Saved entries

Lemma tilde_mat_scalar (k : R) t : 0 < t -> tilde_mat lam k%:M t = k%:M.
Proof.
move=> t_gt0; apply/matrixP => i j; case: (eqVneq i j) => [<-|ij].
  by rewrite tilde_mat_diag // !mxE eqxx.
by rewrite tilde_matE !mxE (negbTE ij) !(mulr0n, mul0r, mulr0).
Qed.

Lemma tilde_mat_coercive (a : 'M[R]_n) t L0 : 0 < t -> coercive L0 a ->
  coercive L0 (tilde_mat lam a t).
Proof.
move=> t_gt0 a_coer x.
rewrite -subr_ge0 -qform_scalar -qformBl -(tilde_mat_scalar L0 t_gt0) -tilde_matB.
by apply: tilde_mat_psd (ltW t_gt0) => z; rewrite qformBl qform_scalar subr_ge0.
Qed.

(* [tilde_mat lam a t] is the Schur product of [a] with [tilde_mat lam (const_mx 1) t], which is
   positive semidefinite with unit diagonal, hence has entries of modulus at most one. *)
Lemma tilde_mat_norm_le (a : 'M[R]_n) t i j : 0 < t -> `|tilde_mat lam a t i j| <= `|a i j|.
Proof.
move=> t_gt0; set E := tilde_mat lam (const_mx 1) t.
have E_sym : E^T = E by apply: tilde_mat_sym; rewrite trmx_const.
have E_psd z : 0 <= qform E z.
  apply: tilde_mat_psd (ltW t_gt0) => y.
  suff -> : qform (const_mx 1) y = (\sum_i y 0 i) ^+ 2 by exact: sqr_ge0.
  rewrite qformE expr2 mulr_suml; apply: eq_bigr => l _.
  by rewrite mulr_sumr; apply: eq_bigr => l' _; rewrite mxE mulr1.
have one_diag l : (const_mx 1 : 'M[R]_n) l l = 1 by rewrite mxE.
have := psd_entry_le i j E_sym E_psd; rewrite !tilde_mat_diag // !one_diag => E_le.
have -> : tilde_mat lam a t i j = a i j * E i j by rewrite !tilde_matE !mxE; ring.
by rewrite normrM ler_piMr //; lra.
Qed.

End WeightedMatrices.

Section GaussianRatio.
Variable R : realType.

Lemma sqrt_expR (x : R) : Num.sqrt (expR x) = expR (x / 2).
Proof.
have -> : expR x = expR (x / 2) ^+ 2 by rewrite -expRM_natl; congr expR; field.
by rewrite sqrtr_sqr ger0_norm // expR_ge0.
Qed.

Lemma Qm_invmx_ratio n (w : 'rV[R]_n) (A B : 'M[R]_n) : 0 < \det A -> 0 < \det B ->
  Qm w (invmx A) / Qm w (invmx B) =
  Num.sqrt (\det B / \det A) * expR ((qform (invmx B) w - qform (invmx A) w) / 2).
Proof.
move=> dA_gt0 dB_gt0; rewrite /Qm !det_inv.
have K_gt0 : 0 < (2 * pi) `^ (- (n%:R / 2)) :> R by rewrite powR_gt0 // mulr_gt0 // pi_gt0.
have sA_gt0 : 0 < Num.sqrt (\det A) by rewrite sqrtr_gt0.
have sB_gt0 : 0 < Num.sqrt (\det B) by rewrite sqrtr_gt0.
set qA := qform (invmx A) w; set qB := qform (invmx B) w.
have -> : (qB - qA) / 2 = - (qA / 2) + - - (qB / 2) by field.
rewrite sqrtrM ?ltW // !sqrtrV ?ltW // expRD [expR (- - _)]expRN.
by field; rewrite !gt_eqF ?expR_gt0.
Qed.

Lemma sqrt_ratio_le (u v th : R) : 0 < u -> 0 < v ->
  v <= expR th * u -> u <= expR th * v ->
  expR (- (th / 2)) <= Num.sqrt (v / u) <= expR (th / 2).
Proof.
move=> u_gt0 v_gt0 vu uv; rewrite -mulNr -!sqrt_expR.
apply/andP; split; rewrite ler_sqrt ?expR_ge0 //.
  by rewrite ler_pdivlMr // expRN ler_pdivrMl ?expR_gt0.
rewrite divr_ge0 ?ltW //.
by rewrite ler_pdivrMr.
Qed.

Lemma expR_sandwichM (u v a b : R) :
  expR (- a) <= u <= expR a -> expR (- b) <= v <= expR b ->
  expR (- (a + b)) <= u * v <= expR (a + b).
Proof.
move=> /andP [au ua] /andP [bv vb]; rewrite opprD !expRD.
have u_ge0 : 0 <= u := le_trans (expR_ge0 _) au.
have v_ge0 : 0 <= v := le_trans (expR_ge0 _) bv.
by apply/andP; split; apply: ler_pM; rewrite ?expR_ge0.
Qed.

Lemma abs_sub1_le_expR (X y : R) : expR (- y) <= X <= expR y -> 0 <= y ->
  `|X - 1| <= y * expR y.
Proof.
move=> /andP [lo hi] y_ge0.
have e_ge1 : 1 <= expR y by rewrite -expR0 ler_expR.
have eN_ge := expR_ge1Dx (- y).
have eNe : expR y * expR (- y) = 1 by rewrite expRxMexpNx_1.
have up : expR y - 1 <= y * expR y by nra.
rewrite ler_norml; apply/andP; split; nra.
Qed.

Lemma Qm_invmx_ratio_sub1_le n (w : 'rV[R]_n) (A B : 'M[R]_n) (th ph : R) :
  0 < \det A -> 0 < \det B -> \det B <= expR th * \det A -> \det A <= expR th * \det B ->
  `|qform (invmx B) w - qform (invmx A) w| <= ph -> 0 <= th ->
  `|Qm w (invmx A) / Qm w (invmx B) - 1| <= (th / 2 + ph / 2) * expR (th / 2 + ph / 2).
Proof.
move=> dA_gt0 dB_gt0 dB_le dA_le q_le th_ge0.
have ph_ge0 : 0 <= ph := le_trans (normr_ge0 _) q_le.
have sqrt_bd := sqrt_ratio_le dA_gt0 dB_gt0 dB_le dA_le.
have expR_bd : expR (- (ph / 2)) <=
    expR ((qform (invmx B) w - qform (invmx A) w) / 2) <= expR (ph / 2).
  by move: q_le; rewrite ler_norml !ler_expR => /andP [? ?]; apply/andP; split; lra.
rewrite Qm_invmx_ratio //; apply: abs_sub1_le_expR (expR_sandwichM sqrt_bd expR_bd) _.
lra.
Qed.

End GaussianRatio.

Theorem proposition4p7 (R : realType) (M : R) (hM : 0 < M) :
  exists c1 : R, forall (m : nat) (lam : 'I_m -> R) (L0 L1 : R)
    (a b : 'M[R]_m) (w : 'rV[R]_m),
    (0 < m)%N ->
    (forall i, 0 < lam i) ->
    (forall i j : 'I_m, (i <= j)%N -> lam i <= lam j) ->
    0 < L0 -> L0 <= L1 ->
    posdef a -> posdef b ->
    loewner_bounds L0 L1 a -> loewner_bounds L0 L1 b ->
    let theta := L0^-1 * m%:R * snorm (a - b) in
    let phi := L0^-2 * sqnorm w * snorm (a - b) in
    theta < M -> phi < M ->
    forall t : R, 0 < t ->
      `| Qm w (Tilde_inv lam a t) / Qm w (Tilde_inv lam b t) - 1 |
        <= c1 * (phi + theta).
Proof.
exists (expR M / 2) => m lam L0 L1 a b w _ lam_gt0 _ L0_gt0 _ [a_sym _] [b_sym _]
  a_bd b_bd theta phi theta_lt phi_lt t t_gt0.
set s := snorm (a - b); set A := tilde_mat lam a t; set B := tilde_mat lam b t.
have s_ge0 : 0 <= s := snorm_ge0 _.
have A_sym : A^T = A := tilde_mat_sym _ _ a_sym.
have B_sym : B^T = B := tilde_mat_sym _ _ b_sym.
have A_coer := tilde_mat_coercive lam_gt0 t_gt0 (fun x => proj1 (andP (a_bd x))).
have B_coer := tilde_mat_coercive lam_gt0 t_gt0 (fun x => proj1 (andP (b_bd x))).
have AB_le x : `|qform (A - B) x| <= s * sqnorm x.
  by rewrite -tilde_matB; apply: qform_le_snorm => i j; exact: tilde_mat_norm_le.
have BA_le x : `|qform (B - A) x| <= s * sqnorm x by rewrite qformBl distrC -qformBl.
have [_ dA_gt0] := coercive_det_gt0 L0_gt0 A_sym A_coer.
have [_ dB_gt0] := coercive_det_gt0 L0_gt0 B_sym B_coer.
have dB_le := det_le_expR_det L0_gt0 s_ge0 A_sym B_sym A_coer B_coer AB_le.
have dA_le := det_le_expR_det L0_gt0 s_ge0 B_sym A_sym B_coer A_coer BA_le.
have q_le := invmx_qform_dist L0_gt0 s_ge0 A_sym B_sym A_coer B_coer AB_le w.
have thetaE : m%:R * (s / L0) = theta by rewrite /theta -/s; field; rewrite gt_eqF.
have phiE : s * sqnorm w / L0 ^+ 2 = phi by rewrite /phi -/s; field; rewrite gt_eqF.
rewrite thetaE in dA_le dB_le; rewrite phiE distrC in q_le.
have theta_ge0 : 0 <= theta by rewrite -thetaE mulr_ge0 // divr_ge0 // ltW.
have phi_ge0 : 0 <= phi := le_trans (normr_ge0 _) q_le.
apply: le_trans (Qm_invmx_ratio_sub1_le dA_gt0 dB_gt0 dB_le dA_le q_le theta_ge0) _.
have : expR (theta / 2 + phi / 2) <= expR M by rewrite ler_expR; lra.
nra.
Qed.
(* Consider the linearized ADM iteration described in the context, and let $L_k=L(\Omega_k,U_k,Q_k,W_k,\varepsilon^{(1)}_k,\varepsilon^{(2)}_k,Z^{(1)}_k,Z^{(2)}_k)$. Suppose that $\mu\geq\sqrt2\max\{\rho_1,\rho_2\}$. Then there exist positive values $\eta^0_U,\eta^0_Q,\eta^0_W$, depending only on the initial values, such that whenever $\eta_U>\eta^0_U$, $\eta_Q>\eta^0_Q$, $\eta_W>\eta^0_W$, the sequence $\{L_k\}_{k=1}^\infty$ is positive and decreasing, hence convergent.
   Context: Data: $X\in\mathbb{R}^{m\times n}$, $H\in\mathbb{R}^{s\times n}$, $Y\in\mathbb{R}^{c\times n}$; parameters $\lambda_1,\lambda_2,\rho_1,\rho_2,\delta_1,\delta_2,\mu>0$ and step parameters $\eta_U,\eta_Q,\eta_W>0$. Variables: $\Omega\in\mathbb{R}^{r\times m}$, $U\in\mathbb{R}^{r\times n}$, $Q\in\mathbb{R}^{s\times r}$, $W\in\mathbb{R}^{c\times s}$, $\varepsilon^{(1)},Z^{(1)}\in\mathbb{R}^{s\times n}$, $\varepsilon^{(2)},Z^{(2)}\in\mathbb{R}^{c\times n}$. Matrix norms are Frobenius norms, $\langle A,B\rangle=\mathrm{tr}(A^TB)$, $\|U\|_1=\sum_{ij}|U_{ij}|$. The Lagrangian is $L(\Omega,U,Q,W,\varepsilon^{(1)},\varepsilon^{(2)},Z^{(1)},Z^{(2)})=\frac12\|U-\Omega X\|_F^2+\lambda_1\|U\|_1+\frac{\rho_1}{2}\|\varepsilon^{(1)}\|^2+\frac{\rho_2}{2}\|\varepsilon^{(2)}\|^2+\langle Z^{(1)},H-QU-\varepsilon^{(1)}\rangle+\langle Z^{(2)},Y-WQU-\varepsilon^{(2)}\rangle+\frac{\mu}{2}\|H-QU-\varepsilon^{(1)}\|^2+\frac{\mu}{2}\|Y-WQU-\varepsilon^{(2)}\|^2+\frac{\delta_1}{2}\|Q\|^2+\frac{\delta_2}{2}\|W\|^2+\frac{\lambda_2}{2}\|\Omega\|^2$, and $L_s=L-\lambda_1\|U\|_1$. Let $\tau_t$ be entrywise soft thresholding, $\tau_t(x)=\mathrm{sign}(x)\max(|x|-t,0)$. Starting from an initialization $\Theta_0$, for $k=0,1,2,\dots$: $U_{k+1}=\tau_{\lambda_1/(\mu\eta_U)}\big(U_k-\frac{1}{\mu\eta_U}\nabla_U L_s(\Omega_k,U_k,Q_k,W_k,\varepsilon^{(1)}_k,\varepsilon^{(2)}_k,Z^{(1)}_k,Z^{(2)}_k)\big)$; $Q_{k+1}=Q_k-\frac{1}{\mu\eta_Q}\nabla_Q L(\Omega_k,U_{k+1},Q_k,W_k,\varepsilon^{(1)}_k,\varepsilon^{(2)}_k,Z^{(1)}_k,Z^{(2)}_k)$; $W_{k+1}=W_k-\frac{1}{\mu\eta_W}\nabla_W L(\Omega_k,U_{k+1},Q_{k+1},W_k,\varepsilon^{(1)}_k,\varepsilon^{(2)}_k,Z^{(1)}_k,Z^{(2)}_k)$; $\Omega_{k+1}=\arg\min_\Omega L(\Omega,U_{k+1},Q_{k+1},W_{k+1},\varepsilon^{(1)}_k,\varepsilon^{(2)}_k,Z^{(1)}_k,Z^{(2)}_k)$; $\varepsilon^{(1)}_{k+1}=\arg\min_{\varepsilon^{(1)}} L(\Omega_{k+1},U_{k+1},Q_{k+1},W_{k+1},\varepsilon^{(1)},\varepsilon^{(2)}_k,Z^{(1)}_k,Z^{(2)}_k)$; $\varepsilon^{(2)}_{k+1}=\arg\min_{\varepsilon^{(2)}} L(\Omega_{k+1},U_{k+1},Q_{k+1},W_{k+1},\varepsilon^{(1)}_{k+1},\varepsilon^{(2)},Z^{(1)}_k,Z^{(2)}_k)$; $Z^{(1)}_{k+1}=Z^{(1)}_k+\mu(H-Q_{k+1}U_{k+1}-\varepsilon^{(1)}_{k+1})$; $Z^{(2)}_{k+1}=Z^{(2)}_k+\mu(Y-W_{k+1}Q_{k+1}U_{k+1}-\varepsilon^{(2)}_{k+1})$. ''Decreasing'' means $L_{k+1}\le L_k$ for all $k\ge1$. *)

From HB Require Import structures.
From mathcomp Require Import all_boot all_order all_algebra.
From mathcomp Require Import all_classical all_reals all_analysis.
Set Implicit Arguments. Unset Strict Implicit. Unset Printing Implicit Defensive.
Import Order.TTheory GRing.Theory Num.Theory.
Local Open Scope ring_scope.

Section LADM.
Variable R : realType.

Definition fip {p q : nat} (A B : 'M[R]_(p, q)) : R := \tr (A^T *m B).
Definition fsq {p q : nat} (A : 'M[R]_(p, q)) : R := fip A A.
Definition l1n {p q : nat} (A : 'M[R]_(p, q)) : R := \sum_i \sum_j `|A i j|.
Definition soft (t x : R) : R := Num.sg x * Num.max (`|x| - t) 0.
Definition softmx (t : R) {p q : nat} (A : 'M[R]_(p, q)) : 'M[R]_(p, q) :=
  map_mx (soft t) A.

Variables (m n r s c : nat).
Variables (X : 'M[R]_(m, n)) (H : 'M[R]_(s, n)) (Y : 'M[R]_(c, n)).
Variables (lam1 lam2 rho1 rho2 delta1 delta2 mu : R).

Definition Ls (Om : 'M[R]_(r, m)) (U : 'M[R]_(r, n)) (Q : 'M[R]_(s, r))
  (W : 'M[R]_(c, s)) (e1 : 'M[R]_(s, n)) (e2 : 'M[R]_(c, n))
  (Z1 : 'M[R]_(s, n)) (Z2 : 'M[R]_(c, n)) : R :=
  fsq (U - Om *m X) / 2
  + rho1 / 2 * fsq e1 + rho2 / 2 * fsq e2
  + fip Z1 (H - Q *m U - e1) + fip Z2 (Y - W *m Q *m U - e2)
  + mu / 2 * fsq (H - Q *m U - e1) + mu / 2 * fsq (Y - W *m Q *m U - e2)
  + delta1 / 2 * fsq Q + delta2 / 2 * fsq W + lam2 / 2 * fsq Om.

Definition Lag Om U Q W e1 e2 Z1 Z2 : R :=
  Ls Om U Q W e1 e2 Z1 Z2 + lam1 * l1n U.

Definition gradU_Ls (Om : 'M[R]_(r, m)) (U : 'M[R]_(r, n)) (Q : 'M[R]_(s, r))
  (W : 'M[R]_(c, s)) (e1 : 'M[R]_(s, n)) (e2 : 'M[R]_(c, n))
  (Z1 : 'M[R]_(s, n)) (Z2 : 'M[R]_(c, n)) : 'M[R]_(r, n) :=
  (U - Om *m X) - Q^T *m Z1 - mu *: (Q^T *m (H - Q *m U - e1))
  - (W *m Q)^T *m Z2 - mu *: ((W *m Q)^T *m (Y - W *m Q *m U - e2)).

Definition gradQ_L (Om : 'M[R]_(r, m)) (U : 'M[R]_(r, n)) (Q : 'M[R]_(s, r))
  (W : 'M[R]_(c, s)) (e1 : 'M[R]_(s, n)) (e2 : 'M[R]_(c, n))
  (Z1 : 'M[R]_(s, n)) (Z2 : 'M[R]_(c, n)) : 'M[R]_(s, r) :=
  - (Z1 *m U^T) - mu *: ((H - Q *m U - e1) *m U^T)
  - W^T *m Z2 *m U^T - mu *: (W^T *m (Y - W *m Q *m U - e2) *m U^T)
  + delta1 *: Q.

Definition gradW_L (Om : 'M[R]_(r, m)) (U : 'M[R]_(r, n)) (Q : 'M[R]_(s, r))
  (W : 'M[R]_(c, s)) (e1 : 'M[R]_(s, n)) (e2 : 'M[R]_(c, n))
  (Z1 : 'M[R]_(s, n)) (Z2 : 'M[R]_(c, n)) : 'M[R]_(c, s) :=
  - (Z2 *m (Q *m U)^T) - mu *: ((Y - W *m Q *m U - e2) *m (Q *m U)^T)
  + delta2 *: W.

End LADM.

From HB Require Import structures.
From mathcomp Require Import all_boot all_order all_algebra.
From mathcomp Require Import all_classical all_reals all_analysis.
From mathcomp Require Import ring lra.
Import Order.TTheory GRing.Theory Num.Theory.
Import numFieldNormedType.Exports.
Local Open Scope classical_set_scope.
Local Open Scope ring_scope.
Set Implicit Arguments. Unset Strict Implicit.

(* Every block update of the linearized ADM decreases L: the U-step is a proximal
   gradient step and the Q- and W-steps are gradient steps, all with inverse step sizes
   mu eta above the block Lipschitz constants on a sublevel set of L, and the Omega- and
   error-steps are exact minimizations.  The error-steps force Z_{k+1} = rho e_{k+1}, so from k = 1 on
   the dual step raises L by mu |R|^2 = rho^2 / mu |e_{k+1} - e_k|^2, which the strongly
   convex error-steps pay for as soon as 2 rho^2 <= mu^2.  Once Z = rho e with rho <= mu,
   L dominates lam1 |U|_1 + delta1/2 |Q|^2 + delta2/2 |W|^2 >= 0: this keeps the iterates
   in a bounded set determined by the initial point (which yields the step-size
   thresholds) and bounds L_k below, so the nonincreasing L_k converge. *)

Section Frobenius.
Variable R : realType.
Implicit Types a : R.

Lemma fipE p q (A B : 'M[R]_(p, q)) : fip A B = \sum_i \sum_j A i j * B i j.
Proof.
rewrite /fip /mxtrace exchange_big /=; apply: eq_bigr => j _.
by rewrite !mxE; apply: eq_bigr => i _; rewrite !mxE.
Qed.

Lemma fipC p q (A B : 'M[R]_(p, q)) : fip A B = fip B A.
Proof. by rewrite !fipE; apply: eq_bigr => i _; apply: eq_bigr => j _; rewrite mulrC. Qed.

Lemma fipDr p q (A B C : 'M[R]_(p, q)) : fip A (B + C) = fip A B + fip A C.
Proof. by rewrite /fip mulmxDr mxtraceD. Qed.

Lemma fipDl p q (A B C : 'M[R]_(p, q)) : fip (B + C) A = fip B A + fip C A.
Proof. by rewrite fipC fipDr !(fipC A). Qed.

Lemma fipZr p q a (A B : 'M[R]_(p, q)) : fip A (a *: B) = a * fip A B.
Proof. by rewrite /fip -scalemxAr mxtraceZ. Qed.

Lemma fipZl p q a (A B : 'M[R]_(p, q)) : fip (a *: A) B = a * fip A B.
Proof. by rewrite fipC fipZr fipC. Qed.

Lemma fipNr p q (A B : 'M[R]_(p, q)) : fip A (- B) = - fip A B.
Proof. by rewrite -scaleN1r fipZr mulN1r. Qed.

Lemma fipNl p q (A B : 'M[R]_(p, q)) : fip (- A) B = - fip A B.
Proof. by rewrite fipC fipNr fipC. Qed.

Lemma fipBr p q (A B C : 'M[R]_(p, q)) : fip A (B - C) = fip A B - fip A C.
Proof. by rewrite fipDr fipNr. Qed.

Lemma fipBl p q (A B C : 'M[R]_(p, q)) : fip (B - C) A = fip B A - fip C A.
Proof. by rewrite fipDl fipNl. Qed.

Lemma fip0l p q (A : 'M[R]_(p, q)) : fip 0 A = 0.
Proof. by rewrite /fip trmx0 mul0mx mxtrace0. Qed.

Lemma fip_trmx_mull p q k (A : 'M[R]_(p, q)) (B : 'M[R]_(p, k)) (C : 'M[R]_(q, k)) :
  fip (A^T *m B) C = fip B (A *m C).
Proof. by rewrite /fip trmx_mul trmxK mulmxA. Qed.

Lemma fip_mul_trmxr p q k (A : 'M[R]_(p, k)) (B : 'M[R]_(q, k)) (C : 'M[R]_(p, q)) :
  fip (A *m B^T) C = fip A (C *m B).
Proof. by rewrite /fip trmx_mul trmxK -mulmxA mxtrace_mulC mulmxA. Qed.

Lemma fsqE p q (A : 'M[R]_(p, q)) : fsq A = \sum_i \sum_j A i j ^+ 2.
Proof. by rewrite /fsq fipE; apply: eq_bigr => i _; apply: eq_bigr => j _; rewrite expr2. Qed.

Lemma fsq_ge0 p q (A : 'M[R]_(p, q)) : 0 <= fsq A.
Proof. by rewrite fsqE; apply: sumr_ge0 => i _; apply: sumr_ge0 => j _; apply: sqr_ge0. Qed.

Lemma fsq_eq0 p q (A : 'M[R]_(p, q)) : fsq A = 0 -> A = 0.
Proof.
rewrite fsqE => /psumr_eq0P row0; apply/matrixP => i j; rewrite mxE.
have /psumr_eq0P/(_ j isT) : \sum_j A i j ^+ 2 = 0.
  by apply: row0 => // i' _; apply: sumr_ge0 => j' _; apply: sqr_ge0.
by move=> /(_ (fun j' _ => sqr_ge0 _))/eqP; rewrite sqrf_eq0 => /eqP.
Qed.

Lemma fsqD p q (A B : 'M[R]_(p, q)) : fsq (A + B) = fsq A + 2 * fip A B + fsq B.
Proof. by rewrite /fsq fipDl !fipDr (fipC B A); ring. Qed.

Lemma fsqB p q (A B : 'M[R]_(p, q)) : fsq (A - B) = fsq A - 2 * fip A B + fsq B.
Proof. by rewrite /fsq fipBl !fipBr (fipC B A); ring. Qed.

Lemma fsqZ p q a (A : 'M[R]_(p, q)) : fsq (a *: A) = a ^+ 2 * fsq A.
Proof. by rewrite /fsq fipZl fipZr; ring. Qed.

Lemma fsqN p q (A : 'M[R]_(p, q)) : fsq (- A) = fsq A.
Proof. by rewrite /fsq fipNl fipNr opprK. Qed.

Lemma fsqB_le p q (A B : 'M[R]_(p, q)) : fsq (A - B) <= 2 * fsq A + 2 * fsq B.
Proof. by have := fsq_ge0 (A + B); rewrite fsqB fsqD; lra. Qed.
Lemma quadruple_traces (R : realFieldType) d m (E : 'M[R]_m)
    (P : 'I_4 -> 'M[R]_m) :
  (0 < d)%N -> scaled_quadruple E P (2 - d%:R^-1) -> \tr E = d%:R ->
  \tr (P 0) = first_trace R d ->
  (forall i, i != 0 -> \tr (P i) = other_trace R d) ->
  (forall i, i != 0 -> \tr (P 0 *m P i) = 3^-1 * (1 - d%:R^-1) * \tr (P 0)) /\
  (forall i j, i != 0 -> j != 0 -> i != j ->
     \tr (P i *m P j) = 2^-1 * (1 - d%:R^-1) * (\tr (P i) - 3^-1 * \tr (P 0))).
Proof.
move: m E P; elim: d => [//|[|d] IH] m E P _ [Psym Pidem EP sumP] trE tr0 tri.
  (* d = 1: the P_i with i != 0 have trace 0, hence vanish, and 1 - 1/d = 0. *)
  have P_eq0 i : i != 0 -> P i = 0.
    move=> nz_i; apply: sym_idem_trace0 => //.
    by rewrite tri // /other_trace expr1; ring.
  have -> : 1 - (1%:R : R)^-1 = 0 by rewrite invr1 subrr.
  split=> [i nz_i|i j nz_i _ _]; rewrite mulr0 mul0r (P_eq0 i nz_i).
    by rewrite mulmx0 mxtrace0.
  by rewrite mul0mx mxtrace0.
have [c_neq0 c_neq1 tr_refl sum_refl] := reflected_scalar R d.
set c := 2 - (d.+2)%:R^-1 in sumP c_neq0 c_neq1 tr_refl sum_refl.
have := reflection_quadruple c_neq0 c_neq1 Psym Pidem EP sumP.
rewrite sum_refl => Qquad.
have trE' : \tr (refl_unit c P) = (d.+1)%:R.
  by rewrite (tr_refl_unit (E := E)) // -tr_refl -trE.
have trQ i : \tr (reflection c P i) = (d.+1)%:R - \tr (P i).
  by rewrite (tr_reflection (E := E)) // -tr_refl -trE.
have trQ0 : \tr (reflection c P 0) = first_trace R d.+1.
  by rewrite trQ tr0 first_trace_reflect.
have trQi i : i != 0 -> \tr (reflection c P i) = other_trace R d.+1.
  by move=> nz_i; rewrite trQ tri // other_trace_reflect.
have [IH0 IHij] := IH _ _ _ isT Qquad trE' trQ0 trQi.
have c1_neq0 : c - 1 != 0 by rewrite subr_eq0.
have trPP i j : i != j -> \tr (P i *m P j) = (c - 1) ^+ 2 *
    (\tr (reflection c P i *m reflection c P j) - (d.+1)%:R
     + \tr (P i) + \tr (P j)).
  move=> neq_ij; rewrite (tr_reflection_mul (E := E)) // -tr_refl -trE.
  by field.
have d_ge0 : 0 <= d%:R :> R := ler0n R d.
split=> [i nz_i|i j nz_i nz_j neq_ij].
- rewrite trPP 1?eq_sym // IH0 // !trQ tr0 tri // /c /first_trace /other_trace.
  by rewrite !exprS; field; lra.
- rewrite trPP // IHij // !trQ tr0 !tri // /c /first_trace /other_trace.
  by rewrite !exprS; field; lra.
Qed.

(* P 0, P 1, P 2, P 3 stand for the paper's P_1, P_2, P_3, P_4. *)
Theorem mainTheorem3 (R : realType) (n : nat) (P : 'I_4 -> 'M[R]_n) :
  (0 < n)%N ->
  (forall i, orth_proj (P i)) ->
  \sum_(i < 4) P i = (2 - n%:R^-1)%:M ->
  (\rank (P 0))%:Z = (n./2)%:Z - (-1) ^+ n ->
  (forall i : 'I_4, i != 0 -> (\rank (P i))%:Z = (n./2)%:Z) ->
  irreducible_family P ->
  ntrace (P 0) = 2^-1 - (1 + 3 * (-1) ^+ n) / (4 * n%:R)
  /\ (forall i : 'I_4, i != 0 ->
        ntrace (P i) = 2^-1 - (1 - (-1) ^+ n) / (4 * n%:R))
  /\ (forall i : 'I_4, i != 0 ->
        ntrace (P 0 *m P i) = 3^-1 * (1 - n%:R^-1) * ntrace (P 0))
  /\ (forall i j : 'I_4, i != 0 -> j != 0 -> i != j ->
        ntrace (P i *m P j)
          = 2^-1 * (1 - n%:R^-1) * (ntrace (P i) - 3^-1 * ntrace (P 0))).
Proof.
move=> n_gt0 proj_P sumP rank0 rank_i _.
have quad : scaled_quadruple 1%:M P (2 - n%:R^-1).
  by split=> [i|i|i|]; rewrite ?mul1mx ?sumP ?scalemx1 //; case: (proj_P i).
have tr_rank i (v : int) : (\rank (P i))%:Z = v -> \tr (P i) = v%:~R.
  by move=> <-; rewrite mxtrace_idem ?pmulrn //; case: (proj_P i).
have tr0 : \tr (P 0) = first_trace R n.
  rewrite (tr_rank 0 _ rank0) intrB intr_sign -pmulrn half_natr /first_trace.
  by field.
have tri i : i != 0 -> \tr (P i) = other_trace R n.
  by move=> nz_i; rewrite (tr_rank i _ (rank_i i nz_i)) -pmulrn half_natr.
have [tr0i trij] := quadruple_traces n_gt0 quad (mxtrace1 _ _) tr0 tri.
have n_neq0 : n%:R != 0 :> R by rewrite pnatr_eq0 -lt0n.
rewrite /ntrace; split; [|split; [|split]].
- by rewrite tr0 /first_trace; field.
- by move=> i nz_i; rewrite tri // /other_trace; field.
- by move=> i nz_i; rewrite tr0i // mulrA.
- by move=> i j nz_i nz_j neq_ij; rewrite trij //; field.
Qed.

INSTRUCTIONS TO FOLLOW
Would you retype the lines above from the one with "theta < M -> phi < M ->" down to the one with "have dB_le := det_le_expR_det", word for word, both ends included and no other lines?

SOLUTION FOR THIS TASK
    theta < M -> phi < M ->
    forall t : R, 0 < t ->
      `| Qm w (Tilde_inv lam a t) / Qm w (Tilde_inv lam b t) - 1 |
        <= c1 * (phi + theta).
Proof.
exists (expR M / 2) => m lam L0 L1 a b w _ lam_gt0 _ L0_gt0 _ [a_sym _] [b_sym _]
  a_bd b_bd theta phi theta_lt phi_lt t t_gt0.
set s := snorm (a - b); set A := tilde_mat lam a t; set B := tilde_mat lam b t.
have s_ge0 : 0 <= s := snorm_ge0 _.
have A_sym : A^T = A := tilde_mat_sym _ _ a_sym.
have B_sym : B^T = B := tilde_mat_sym _ _ b_sym.
have A_coer := tilde_mat_coercive lam_gt0 t_gt0 (fun x => proj1 (andP (a_bd x))).
have B_coer := tilde_mat_coercive lam_gt0 t_gt0 (fun x => proj1 (andP (b_bd x))).
have AB_le x : `|qform (A - B) x| <= s * sqnorm x.
  by rewrite -tilde_matB; apply: qform_le_snorm => i j; exact: tilde_mat_norm_le.
have BA_le x : `|qform (B - A) x| <= s * sqnorm x by rewrite qformBl distrC -qformBl.
have [_ dA_gt0] := coercive_det_gt0 L0_gt0 A_sym A_coer.
have [_ dB_gt0] := coercive_det_gt0 L0_gt0 B_sym B_coer.
have dB_le := det_le_expR_det L0_gt0 s_ge0 A_sym B_sym A_coer B_coer AB_le.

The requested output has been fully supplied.